◆ **Exercise requirements**: Among the lines below, copy each one in which "ffun" appears.

___

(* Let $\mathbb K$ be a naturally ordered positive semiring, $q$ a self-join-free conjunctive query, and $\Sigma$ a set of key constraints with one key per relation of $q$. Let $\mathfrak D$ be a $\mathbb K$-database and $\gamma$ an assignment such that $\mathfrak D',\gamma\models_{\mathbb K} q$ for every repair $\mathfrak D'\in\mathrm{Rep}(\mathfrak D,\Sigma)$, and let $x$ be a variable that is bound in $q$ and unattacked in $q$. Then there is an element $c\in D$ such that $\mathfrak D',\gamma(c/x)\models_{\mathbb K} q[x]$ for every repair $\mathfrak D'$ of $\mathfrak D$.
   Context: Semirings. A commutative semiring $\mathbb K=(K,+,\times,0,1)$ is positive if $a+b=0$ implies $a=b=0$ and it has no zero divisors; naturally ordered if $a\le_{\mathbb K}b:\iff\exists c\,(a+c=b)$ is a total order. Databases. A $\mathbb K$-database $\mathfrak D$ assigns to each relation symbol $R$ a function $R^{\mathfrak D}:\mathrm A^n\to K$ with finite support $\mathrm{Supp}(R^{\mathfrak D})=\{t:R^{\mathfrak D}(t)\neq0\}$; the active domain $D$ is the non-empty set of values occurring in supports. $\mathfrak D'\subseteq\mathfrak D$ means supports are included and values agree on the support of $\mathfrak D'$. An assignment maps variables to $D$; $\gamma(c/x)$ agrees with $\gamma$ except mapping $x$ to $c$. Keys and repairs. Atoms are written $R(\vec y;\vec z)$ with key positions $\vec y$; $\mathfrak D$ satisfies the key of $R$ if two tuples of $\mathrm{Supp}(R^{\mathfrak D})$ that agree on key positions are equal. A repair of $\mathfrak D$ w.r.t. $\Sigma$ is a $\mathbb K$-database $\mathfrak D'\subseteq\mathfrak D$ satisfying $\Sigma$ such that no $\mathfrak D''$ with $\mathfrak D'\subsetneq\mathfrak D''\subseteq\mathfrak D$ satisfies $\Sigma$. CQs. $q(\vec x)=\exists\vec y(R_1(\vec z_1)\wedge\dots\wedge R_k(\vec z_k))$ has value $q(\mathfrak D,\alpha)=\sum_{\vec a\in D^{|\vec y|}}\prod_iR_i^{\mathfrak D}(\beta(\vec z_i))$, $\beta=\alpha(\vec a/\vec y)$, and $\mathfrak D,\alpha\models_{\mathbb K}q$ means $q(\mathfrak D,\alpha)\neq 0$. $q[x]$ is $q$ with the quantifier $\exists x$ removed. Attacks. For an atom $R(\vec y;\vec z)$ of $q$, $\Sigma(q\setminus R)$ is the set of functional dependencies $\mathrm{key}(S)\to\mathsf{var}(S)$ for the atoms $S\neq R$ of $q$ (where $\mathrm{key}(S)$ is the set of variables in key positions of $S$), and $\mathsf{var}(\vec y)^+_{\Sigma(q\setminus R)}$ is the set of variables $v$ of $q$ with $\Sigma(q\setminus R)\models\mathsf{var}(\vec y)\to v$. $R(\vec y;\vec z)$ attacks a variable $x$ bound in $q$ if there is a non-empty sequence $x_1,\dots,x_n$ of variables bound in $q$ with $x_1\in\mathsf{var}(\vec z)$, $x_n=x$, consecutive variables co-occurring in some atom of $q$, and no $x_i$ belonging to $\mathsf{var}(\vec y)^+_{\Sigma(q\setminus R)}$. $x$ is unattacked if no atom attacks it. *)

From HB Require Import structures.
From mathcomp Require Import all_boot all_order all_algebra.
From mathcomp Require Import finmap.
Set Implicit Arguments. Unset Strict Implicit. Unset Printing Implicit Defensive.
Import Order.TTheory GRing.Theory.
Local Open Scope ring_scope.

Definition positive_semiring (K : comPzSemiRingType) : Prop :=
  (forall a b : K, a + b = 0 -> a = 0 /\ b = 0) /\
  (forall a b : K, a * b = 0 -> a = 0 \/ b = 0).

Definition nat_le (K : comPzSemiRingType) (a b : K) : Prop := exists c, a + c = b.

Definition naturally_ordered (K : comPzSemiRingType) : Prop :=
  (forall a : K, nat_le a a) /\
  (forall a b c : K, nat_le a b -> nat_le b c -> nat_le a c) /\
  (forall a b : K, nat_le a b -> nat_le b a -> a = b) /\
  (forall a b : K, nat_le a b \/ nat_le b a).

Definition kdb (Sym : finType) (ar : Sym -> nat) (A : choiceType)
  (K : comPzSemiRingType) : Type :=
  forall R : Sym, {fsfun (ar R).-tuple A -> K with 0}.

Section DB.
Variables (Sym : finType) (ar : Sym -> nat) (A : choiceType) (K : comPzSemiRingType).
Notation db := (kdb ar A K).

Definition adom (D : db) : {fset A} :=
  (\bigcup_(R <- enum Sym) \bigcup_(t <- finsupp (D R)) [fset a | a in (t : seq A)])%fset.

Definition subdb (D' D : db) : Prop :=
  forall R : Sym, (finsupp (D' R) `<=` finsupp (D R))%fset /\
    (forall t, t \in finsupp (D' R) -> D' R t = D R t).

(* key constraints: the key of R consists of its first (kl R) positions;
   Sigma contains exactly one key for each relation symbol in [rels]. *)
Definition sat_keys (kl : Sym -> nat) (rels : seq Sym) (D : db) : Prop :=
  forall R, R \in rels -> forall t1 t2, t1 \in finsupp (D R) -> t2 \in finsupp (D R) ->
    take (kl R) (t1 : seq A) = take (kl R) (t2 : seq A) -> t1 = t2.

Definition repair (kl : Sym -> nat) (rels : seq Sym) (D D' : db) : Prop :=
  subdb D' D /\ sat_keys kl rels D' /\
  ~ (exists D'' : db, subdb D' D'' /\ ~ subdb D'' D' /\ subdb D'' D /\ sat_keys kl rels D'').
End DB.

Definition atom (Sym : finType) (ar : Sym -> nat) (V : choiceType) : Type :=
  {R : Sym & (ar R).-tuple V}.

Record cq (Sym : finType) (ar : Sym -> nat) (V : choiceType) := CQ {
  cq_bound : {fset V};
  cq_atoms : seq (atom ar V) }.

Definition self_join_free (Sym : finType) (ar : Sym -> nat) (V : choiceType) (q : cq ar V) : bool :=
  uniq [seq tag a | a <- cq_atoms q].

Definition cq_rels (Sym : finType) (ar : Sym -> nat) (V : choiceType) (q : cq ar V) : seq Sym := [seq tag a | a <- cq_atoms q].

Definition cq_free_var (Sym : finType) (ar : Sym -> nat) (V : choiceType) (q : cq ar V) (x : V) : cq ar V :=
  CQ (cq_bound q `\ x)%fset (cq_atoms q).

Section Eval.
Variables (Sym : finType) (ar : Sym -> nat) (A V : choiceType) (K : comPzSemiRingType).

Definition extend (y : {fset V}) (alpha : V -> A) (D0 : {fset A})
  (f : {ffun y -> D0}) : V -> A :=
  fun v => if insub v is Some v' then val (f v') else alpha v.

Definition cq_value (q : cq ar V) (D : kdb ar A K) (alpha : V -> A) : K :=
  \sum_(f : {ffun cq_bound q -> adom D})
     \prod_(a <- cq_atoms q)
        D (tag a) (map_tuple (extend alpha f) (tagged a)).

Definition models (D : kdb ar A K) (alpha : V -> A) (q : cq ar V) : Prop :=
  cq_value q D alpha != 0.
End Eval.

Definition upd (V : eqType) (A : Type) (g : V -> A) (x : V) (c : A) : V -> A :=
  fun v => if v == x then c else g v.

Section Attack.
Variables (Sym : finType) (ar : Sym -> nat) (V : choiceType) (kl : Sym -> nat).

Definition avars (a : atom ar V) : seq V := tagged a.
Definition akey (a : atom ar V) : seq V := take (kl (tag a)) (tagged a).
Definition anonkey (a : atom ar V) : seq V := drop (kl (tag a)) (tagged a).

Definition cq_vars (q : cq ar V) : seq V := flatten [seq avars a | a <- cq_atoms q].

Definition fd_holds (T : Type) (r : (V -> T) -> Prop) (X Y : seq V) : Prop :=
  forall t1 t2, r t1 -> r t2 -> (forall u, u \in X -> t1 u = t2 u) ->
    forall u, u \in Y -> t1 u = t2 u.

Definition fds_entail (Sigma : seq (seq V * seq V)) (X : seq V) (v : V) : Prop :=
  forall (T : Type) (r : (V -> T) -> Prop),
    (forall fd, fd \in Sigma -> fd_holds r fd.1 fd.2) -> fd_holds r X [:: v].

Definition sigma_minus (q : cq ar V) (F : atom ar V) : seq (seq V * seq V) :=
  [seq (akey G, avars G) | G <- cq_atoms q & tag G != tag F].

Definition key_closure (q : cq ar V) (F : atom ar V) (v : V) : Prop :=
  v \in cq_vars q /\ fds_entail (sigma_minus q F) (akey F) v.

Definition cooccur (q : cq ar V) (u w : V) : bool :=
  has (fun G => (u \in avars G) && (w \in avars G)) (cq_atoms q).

___

◆ **Response below**:
  (f : {ffun y -> D0}) : V -> A :=
  \sum_(f : {ffun cq_bound q -> adom D})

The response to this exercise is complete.